Le Burkina à Un certain regard
Souvenez vous : l’année dernière à Cannes, un film africain faisait l’événement. « Moolaade » de Ousmane Sembene présenté à « Un Certain Regard », en remportait le prix, mais surtout montrait au monde entier le combat d’une femme contre l’excision. C’est dans cette même sélection cannoise, un an plus tard, qu’un autre réalisateur africain fait parler de lui. Avec Delwende (« Lève toi et marche »), S. Pierre Yameogo dénonce une autre forme d’oppression. Aujourd’hui, dans les campagnes, on attribue encore parfois la responsabilité de morts inexpliquées à des « mangeuses d’âmes », femmes alors vite mises au ban du village. Ce qui permet de se débarrasser officiellement de personnes gênantes, ou cherchant à dénoncer des injustices.
Le réalisateur burkinabé a déjà à son actif des courts métrages et de nombreux documentaires, dont un réalisé pour Envoyé Spécial sur le même sujet. Ne pouvant aller aussi loin qu’il le souhaitait dans un cadre strictement de reportage, il a préféré faire appel à la fiction et en est récompensé par ce coup de projecteur qu’est une sélection cannoise. Lorsque les hommes eux-mêmes se « lèvent et marchent » pour faire évoluer les traditions qui oppressent les femmes, c’est un bon signe. « Ce sont les hommes qui les ont établies, à eux de les abolir », résume S. Pierre Yameogo. En montrant cette réalité, le cinéma souhaite, à son niveau, contribuer à changer le monde et les mentalités.
Deux jeunes Marocaines à Cannes
Deux jeunes réalisatrices du Maroc sont présentes à Cannes. Elles ouvrent et clôturent le festival. Encore mal connues (ce sont leurs premiers films), elles gagnent à être découvertes. Tout d’abord, dans le cadre de la programmation de l’ACID (Agence du cinéma indépendant pour la diffusion), (le 13 mai) et de Cinémas du monde (le 14), un film de Yasmine Kassari a été présenté. Le 13 mai au soir, dans cette programmation « off » qu’est celle de l’Agence pour le Cinéma Indépendant et sa Diffusion, L’enfant endormi a fait salle comble. Dans un coin perdu du Maroc d’aujourd’hui, Zeinab se marie. Mais le lendemain de sa nuit de noces, son homme part travailler loin. Zeinab enceinte de cette brève nuit d’amour, part à la ville où elle fait « endormir » le fœtus qui ne grandira qu’au retour de son père. Mêlant le Maroc contemporain et les traditions les plus anciennes, cette jeune réalisatrice dessine le portrait de son pays à travers de beaux personnages de femmes.

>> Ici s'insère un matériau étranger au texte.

Lemma norm1_sub_delta n (w : 'cV[R]_n) j a : (forall i, 0 <= w i 0) -> 0 <= a <= w j 0 ->
  norm1 (w - a *: delta_mx j 0) = \sum_i w i 0 - a.
Proof.
move=> w0 /andP[a0 aw].
rewrite norm1_nonneg => [|i]; last first.
  by rewrite !mxE; case: eqP => [->|_]; rewrite ?mulr1 ?subr_ge0 ?mulr0 ?subr0.
under eq_bigr do rewrite !mxE eqxx andbT.
by rewrite sumrB -mulr_sumr sum_indicator1 mulr1.
Qed.

Lemma conv_convex k n (M : 'M[R]_(k, n)) y1 y2 t : conv M y1 -> conv M y2 -> 0 <= t <= 1 ->
  conv M (t *: y1 + (1 - t) *: y2).
Proof.
move=> [x1 sx1 ->] [x2 sx2 ->] t01; exists (t *: x1 + (1 - t) *: x2).
  exact: simplex_convex.
by rewrite mulmxDr !scalemxAr.
Qed.

Lemma conv_convex3 k n (M : 'M[R]_(k, n)) y1 y2 y3 a b :
  conv M y1 -> conv M y2 -> conv M y3 -> 0 <= a -> 0 <= b -> a + b <= 1 ->
  conv M (a *: y1 + b *: y2 + (1 - a - b) *: y3).
Proof.
move=> c1 c2 c3 a0 b0 ab1.
have [ab0|abn0] := eqVneq (a + b) 0.
  have [-> ->] : a = 0 /\ b = 0 by split; lra.
  by rewrite !scale0r !add0r !subr0 scale1r.
have abp : 0 < a + b by rewrite lt_def abn0 addr_ge0.
have c12 : conv M ((a / (a + b)) *: y1 + (1 - a / (a + b)) *: y2).
  by apply: conv_convex; rewrite ?divr_in01 ?lerDl.
have := conv_convex c12 c3 (t := a + b); rewrite ab1 ltW // => /(_ isT).
congr conv.
by apply/matrixP => i j; rewrite !mxE; field.
Qed.

Lemma conv_col k n (M : 'M[R]_(k, n)) i : conv M (col i M).
Proof. by exists (delta_mx i 0); rewrite ?colE //; apply: simplex_delta. Qed.

End Simplex.

Arguments simplex_delta {R n} i.

Section Inf.
Variable R : realType.
Implicit Types E : set R.

Lemma inf_ge0 E : (forall r, E r -> 0 <= r) -> 0 <= inf E.
Proof.
move=> E0; have [[r Er]|/set0P/negP] := pselect (E !=set0).
  by apply: lb_le_inf; [exists r | move=> y /E0].
by rewrite negbK => /eqP ->; rewrite inf0.
Qed.

Lemma inf_le_nonneg E r : (forall s, E s -> 0 <= s) -> E r -> inf E <= r.
Proof. by move=> E0 Er; apply: ge_inf => //; exists 0 => y /E0. Qed.

Lemma inf_attained E r : E r -> (forall s, E s -> r <= s) -> inf E = r.
Proof.
move=> Er rE; apply/eqP; rewrite eq_le lb_le_inf ?andbT //; last by exists r.
by apply: ge_inf => //; exists r.
Qed.

End Inf.

Section NormV.
Variables (R : realType) (m : nat) (v : 'cV[R]_m).
Implicit Types w : 'cV[R]_(m + 1).

Definition ldot w : R := dotv (col_mx v 1) w.

Lemma ldotZ w a : ldot (a *: w) = a * ldot w.
Proof. exact: dotvZr. Qed.

Lemma ldot_col_mx (a : 'cV[R]_m) (c : 'cV[R]_1) : ldot (col_mx a c) = dotv v a + c 0 0.
Proof. by rewrite /ldot dotv_col_mx dot1v. Qed.

Lemma ldotE w : ldot w = dotv v (usubmx w) + dsubmx w 0 0.
Proof. by rewrite -{1}(vsubmxK w) ldot_col_mx. Qed.

Lemma normv_sqr w : normv v w ^+ 2 = dotv (usubmx w) (usubmx w) + `|ldot w|.
Proof.
rewrite /normv sqr_sqrtr; last by rewrite addr_ge0 ?sqr_ge0.
by rewrite norm2_sqr ldotE.
Qed.

Lemma normv_ge0 w : 0 <= normv v w.
Proof. exact: sqrtr_ge0. Qed.

Lemma normvN w : normv v (- w) = normv v w.
Proof.
rewrite /normv !norm2_sqr -!ldotE -scaleN1r ldotZ mulN1r normrN.
rewrite (_ : usubmx (-1 *: w) = - usubmx w); last by apply/matrixP => i j; rewrite !mxE mulN1r.
by rewrite dotvNl dotvNr opprK.
Qed.

(* [normv v] is 1-homogeneous in the first block but only 1/2-homogeneous in the last one. *)
Lemma normv_scale_le w t : 0 <= t <= 1 -> t * normv v w <= normv v (t *: w).
Proof.
move=> /andP[t0 t1].
rewrite -ler_sqr ?nnegrE ?mulr_ge0 ?normv_ge0 // exprMn !normv_sqr ldotZ.
rewrite (_ : usubmx (t *: w) = t *: usubmx w); last by apply/matrixP => i j; rewrite !mxE.
rewrite dotvZl dotvZr normrM ger0_norm // mulrA -expr2 mulrDr lerD2l.
by rewrite expr2 -mulrA ler_piMl ?mulr_ge0.
Qed.

Lemma normv_eq0 w : normv v w = 0 -> w = 0.
Proof.
move=> /(congr1 (fun r => r ^+ 2)); rewrite expr0n normv_sqr /=.
have := dotvv_ge0 (usubmx w); have := normr_ge0 (ldot w) => l0 d0 s0.
have /dotvv_eq0 u0 : dotv (usubmx w) (usubmx w) = 0 by lra.
have /normr0_eq0 : `|ldot w| = 0 by lra.
rewrite -[w]vsubmxK u0 ldot_col_mx dotv0r add0r => d00.
rewrite (_ : dsubmx w = 0) ?col_mx0 //.
by apply/matrixP => i j; rewrite !ord1 d00 mxE.
Qed.

End NormV.

(** * Minima of continuous functions on the simplex *)

Section Continuity.
Variables (R : realType) (T : topologicalType).
Implicit Types f g : T -> R.

Lemma cont_add f g : continuous f -> continuous g -> continuous (fun t => f t + g t).
Proof. by move=> cf cg t; exact: cvgD (cf t) (cg t). Qed.

Lemma cont_mul f g : continuous f -> continuous g -> continuous (fun t => f t * g t).
Proof. by move=> cf cg t; exact: cvgM (cf t) (cg t). Qed.

Lemma cont_opp f : continuous f -> continuous (fun t => - f t).
Proof. by move=> cf t; exact: cvgN (cf t). Qed.

Lemma cont_norm f : continuous f -> continuous (fun t => `|f t|).
Proof. by move=> cf t; exact: cvg_norm (cf t). Qed.

Lemma cont_sum (I : Type) (r : seq I) (P : pred I) (F : I -> T -> R) :
  (forall i, continuous (F i)) -> continuous (fun t => \sum_(i <- r | P i) F i t).
Proof.
move=> cF; elim: r => [|i r IH]; first by under eq_fun do rewrite big_nil; apply: cst_continuous.
under eq_fun do rewrite big_cons.
by case: (P i) => //; apply: cont_add.
Qed.

End Continuity.

Section Compactness.
Variables (R : realType) (N : nat).
Implicit Types (s : R) (E phi : 'rV[R]_N -> R).

Definition scaled_simplex_zeros s E : set 'rV[R]_N :=
  [set y : 'rV[R]_N | [/\ (forall i, 0 <= y 0 i), \sum_i y 0 i = s & E y = 0]].

Lemma closed_scaled_simplex_zeros s E : continuous E -> closed (scaled_simplex_zeros s E).
Proof.
move=> cE.
have -> : scaled_simplex_zeros s E =
  \bigcap_(i in setT) ((fun y : 'rV[R]_N => y 0 i) @^-1` [set r | 0 <= r]) `&`
  ((fun y : 'rV[R]_N => \sum_i y 0 i) @^-1` [set s] `&` E @^-1` [set 0]).
  apply/seteqP; split => y /=; first by case=> y0 y1 y2; do !split => // i _; apply: y0.
  by case=> y0 [y1 y2]; split => // i; apply: y0.
have pre (f : 'rV[R]_N -> R) D : continuous f -> closed D -> closed (f @^-1` D).
  by move=> cf; apply: preimage_closed => y _; apply: cf.
have ccoord i : continuous (fun y : 'rV[R]_N => y 0 i) by move=> y; apply: coord_continuous.
apply: closedI; first by apply: closed_bigI => i _; apply: pre; [exact: ccoord | exact: closed_ge].
by apply: closedI; apply: pre; [exact: cont_sum | exact: closed_eq | exact: cE | exact: closed_eq].
Qed.

Lemma scaled_simplex_zeros_min s E phi : continuous E -> continuous phi ->
  scaled_simplex_zeros s E !=set0 ->
  exists2 y, scaled_simplex_zeros s E y &
    forall y', scaled_simplex_zeros s E y' -> phi y <= phi y'.
Proof.
move=> cE cphi [y1 Ky1].
have s0 : 0 <= s by case: Ky1 => y00 <- _; apply: sumr_ge0.
have Kbox y : scaled_simplex_zeros s E y -> forall i, 0 <= y 0 i <= s.
  by case=> ge0 <- _ i; rewrite ge0 (bigD1 i) //= lerDl sumr_ge0.
have cK : compact (scaled_simplex_zeros s E).
  apply: bounded_closed_compact; last exact: closed_scaled_simplex_zeros.
  exists s; split; first by rewrite realE s0.
  move=> M sM y Ky /=; apply: le_trans (ltW sM).
  rewrite (_ : `|y| = mx_norm y) // mx_normrE; apply/bigmax_leP; split => // -[i j] _ /=.
  by rewrite ord1; have /andP[y0i ys] := Kbox y Ky j; rewrite ger0_norm.
have [c /set_mem Kc cmin] := EVT_min_rV (ex_intro _ y1 Ky1) cK (continuous_subspaceT cphi).
by exists c => // y Ky; apply/cmin/mem_set.
Qed.

End Compactness.

Section SimplexMin.
Variables (R : realType) (n : nat).

Lemma cont_mulmx_trmx k (M : 'M[R]_(k, n)) i : continuous (fun y : 'rV[R]_n => (M *m y^T) i 0).
Proof.
have -> : (fun y : 'rV[R]_n => (M *m y^T) i 0) = (fun y => \sum_j M i j * y 0 j).
  by apply: funext => y; rewrite mxE; apply: eq_bigr => j _; rewrite mxE.
by apply: cont_sum => j; apply: cont_mul => [|y]; [apply: cst_continuous | apply: coord_continuous].
Qed.

Lemma cont_dotv_mulmx_trmx k (M M' : 'M[R]_(k, n)) :
  continuous (fun y : 'rV[R]_n => dotv (M *m y^T) (M' *m y^T)).
Proof. by apply: cont_sum => i; apply: cont_mul; apply: cont_mulmx_trmx. Qed.

Lemma scaled_simplex_zerosT (E : 'cV[R]_n -> R) (y : 'rV[R]_n) :
  scaled_simplex_zeros 1 (fun y => E y^T) y <-> simplex n y^T /\ E y^T = 0.
Proof.
have yE i : y^T i 0 = y 0 i by rewrite mxE.
have sumE : \sum_i y^T i 0 = \sum_i y 0 i by apply: eq_bigr => i _; rewrite yE.
rewrite /simplex /= sumE; split=> [[y0 y1 Ey]|[[y0 y1] Ey]].
  by split=> //; split=> // i; rewrite yE.
by split => // i; rewrite -yE.
Qed.

Lemma simplex_zeros_min (E phi : 'cV[R]_n -> R) :
  continuous (fun y : 'rV[R]_n => E y^T) -> continuous (fun y : 'rV[R]_n => phi y^T) ->
  (exists x, simplex n x /\ E x = 0) ->
  exists2 x, simplex n x /\ E x = 0 & forall x', simplex n x' /\ E x' = 0 -> phi x <= phi x'.
Proof.
move=> cE cphi [x Kx].
have [|y /scaled_simplex_zerosT Ky ymin] := @scaled_simplex_zeros_min R n 1 _ _ cE cphi.
  by exists x^T; apply/scaled_simplex_zerosT; rewrite trmxK.
exists y^T => // x' Kx'; rewrite -(trmxK x'); apply/ymin/scaled_simplex_zerosT.
by rewrite trmxK.
Qed.

End SimplexMin.

(** * The quadratic objective *)

Section Objective.
Variables (R : realType) (m n : nat) (P : 'M[R]_(m, n)) (B : 'M[R]_(1, n)).
Implicit Types x y z : 'cV[R]_n.

Definition Abar : 'M[R]_(m + 1, n) := col_mx P (2%:R *: B).

Definition obj x : R := 2^-1 * dotv (P *m x) (P *m x) + (B *m x) 0 0.

Lemma objE x : obj x = 2^-1 * dotv (P *m x) (P *m x) + (B *m x) 0 0.
Proof. by []. Qed.

Lemma Abar_mul x : Abar *m x = col_mx (P *m x) (2%:R *: (B *m x)).
Proof. by rewrite mul_col_mx scalemxAl. Qed.

Lemma Abar_mul_inj x y : Abar *m x = Abar *m y -> P *m x = P *m y /\ B *m x = B *m y.
Proof.
rewrite !Abar_mul => /eq_col_mx[-> /matrixP e]; split => //.
by apply/matrixP => i j; move: (e i j); rewrite !mxE => /mulfI; apply; rewrite pnatr_eq0.
Qed.

Lemma obj_Abar x y : Abar *m x = Abar *m y -> obj x = obj y.
Proof. by move/Abar_mul_inj => [Pxy Bxy]; rewrite /obj Pxy Bxy. Qed.

Lemma cont_obj : continuous (fun y : 'rV[R]_n => obj y^T).
Proof.
apply: cont_add; last exact: cont_mulmx_trmx.
by apply: cont_mul => [y|]; [apply: cst_continuous | apply: cont_dotv_mulmx_trmx].
Qed.

Lemma obj_has_min : (exists x, simplex n x) ->
  exists2 x0, simplex n x0 & forall x, simplex n x -> obj x0 <= obj x.
Proof.
move=> [x sx].
have [|x0 [sx0 _] x0min] :=
  @simplex_zeros_min R n (fun _ => 0) obj (@cst_continuous _ _ _) cont_obj.
  by exists x.
by exists x0 => // x' sx'; apply: x0min.
Qed.

Lemma obj_convex_comb x y t : obj (t *: x + (1 - t) *: y) =
  t * obj x + (1 - t) * obj y - t * (1 - t) / 2%:R * dotv (P *m x - P *m y) (P *m x - P *m y).
Proof.
rewrite /obj !mulmxDr -!scalemxAr !(dotvDl, dotvDr, dotvZl, dotvZr, dotvNl, dotvNr) !mxE.
by rewrite (dotvC (P *m y)); field.
Qed.

(* Strict convexity of [obj] in the variable [P *m x]. *)
Lemma obj_min_mulP x y : simplex n x -> simplex n y ->
  (forall z, simplex n z -> obj y <= obj z) -> obj x <= obj y -> P *m x = P *m y.
Proof.
move=> sx sy ymin xy.
have := ymin _ (simplex_convex sx sy (t := 2^-1) _); rewrite obj_convex_comb.
have := dotvv_ge0 (P *m x - P *m y); set D := dotv _ _ => D0 mid.
have /dotvv_eq0/eqP : D = 0.
  by apply/eqP; rewrite eq_le D0 andbT; have := mid (introT andP (conj _ _)); lra.
by rewrite subr_eq0 => /eqP.
Qed.

End Objective.

Section Minimizer.
Variables (R : realType) (m n : nat) (P : 'M[R]_(m, n)) (B : 'M[R]_(1, n)).
Variable x0 : 'cV[R]_n.
Hypothesis sx0 : simplex n x0.
Hypothesis x0min : forall x, simplex n x -> obj P B x0 <= obj P B x.
Implicit Types x y z : 'cV[R]_n.

Local Notation obj := (obj P B).
Local Notation Abar := (Abar P B).

Definition grad : 'rV[R]_n := (P *m x0)^T *m P + B.

Definition dobj x : R := (grad *m x) 0 0.

Definition vstar : 'cV[R]_m := 2%:R *: (P *m x0).

Lemma dobjE x : dobj x = dotv (P *m x0) (P *m x) + (B *m x) 0 0.
Proof. by rewrite /dobj mulmxDl mxE -mulmxA -dotvE. Qed.

Lemma dobjD x y : dobj (x + y) = dobj x + dobj y.
Proof. by rewrite /dobj mulmxDr mxE. Qed.

Lemma dobjZ x a : dobj (a *: x) = a * dobj x.
Proof. by rewrite /dobj -scalemxAr mxE. Qed.

Lemma dobjB x y : dobj (x - y) = dobj x - dobj y.
Proof. by rewrite dobjD -scaleN1r dobjZ mulN1r. Qed.

Lemma ldot_Abar x : ldot vstar (Abar *m x) = 2%:R * dobj x.
Proof. by rewrite Abar_mul ldot_col_mx dobjE /vstar dotvZl mxE mulrDr. Qed.

Lemma obj_sub_min x : obj x - obj x0 =
  2^-1 * dotv (P *m x - P *m x0) (P *m x - P *m x0) + (dobj x - dobj x0).
Proof.
rewrite !dobjE !objE !(dotvDl, dotvDr, dotvNl, dotvNr) (dotvC (P *m x)).
by field.
Qed.

Lemma dobj_min x : simplex n x -> dobj x0 <= dobj x.
Proof.
move=> sx; rewrite leNgt; apply/negP => lt_x.
set D := dobj x0 - dobj x; have D0 : 0 < D by rewrite subr_gt0.
set K := dotv (P *m x - P *m x0) (P *m x - P *m x0); have K0 : 0 <= K by apply: dotvv_ge0.
have KD0 : 0 < K + D by lra.
set t := D / (K + D).
have t0 : 0 < t by apply: divr_gt0.
have tKD : t * (K + D) = D by rewrite divfK ?gt_eqF.
have t1 : t <= 1 by rewrite ler_pdivrMr // mul1r; lra.
have := x0min (simplex_convex sx sx0 (t := t) _); rewrite (ltW t0) t1 => /(_ isT).
rewrite -subr_ge0 obj_sub_min.
have -> : P *m (t *: x + (1 - t) *: x0) - P *m x0 = t *: (P *m x - P *m x0).
  by rewrite mulmxDr -!scalemxAr; apply/matrixP => i j; rewrite !mxE; ring.
rewrite dobjD !dobjZ dotvZl dotvZr -/K => h.
have : 0 <= t * (t * K / 2%:R - D) by move: h; rewrite /D; lra.
rewrite pmulr_rge0 // => h'; nra.
Qed.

Même démarche pour Leïla Marrakchi, dont le premier long métrage Marock sera présenté lui aussi à Cannes, mais dans le cadre de la très officielle sélection « Un certain regard », en fin de festival, le 20 mai prochain. Un avant goût de son talent était déjà présent dans la sélection des Cinémas du monde (le Maroc en a fait l’ouverture le 14 mai), avec son court métrage 200 dirhams. Marock, c’est d’abord la jeunesse dorée d’un pays, mais très vite la réalisatrice s’attachera à une jeune fille de 17 ans, l’année du bac, qui découvre à la fois sa première histoire d’amour et le poids des traditions incarné par son frère.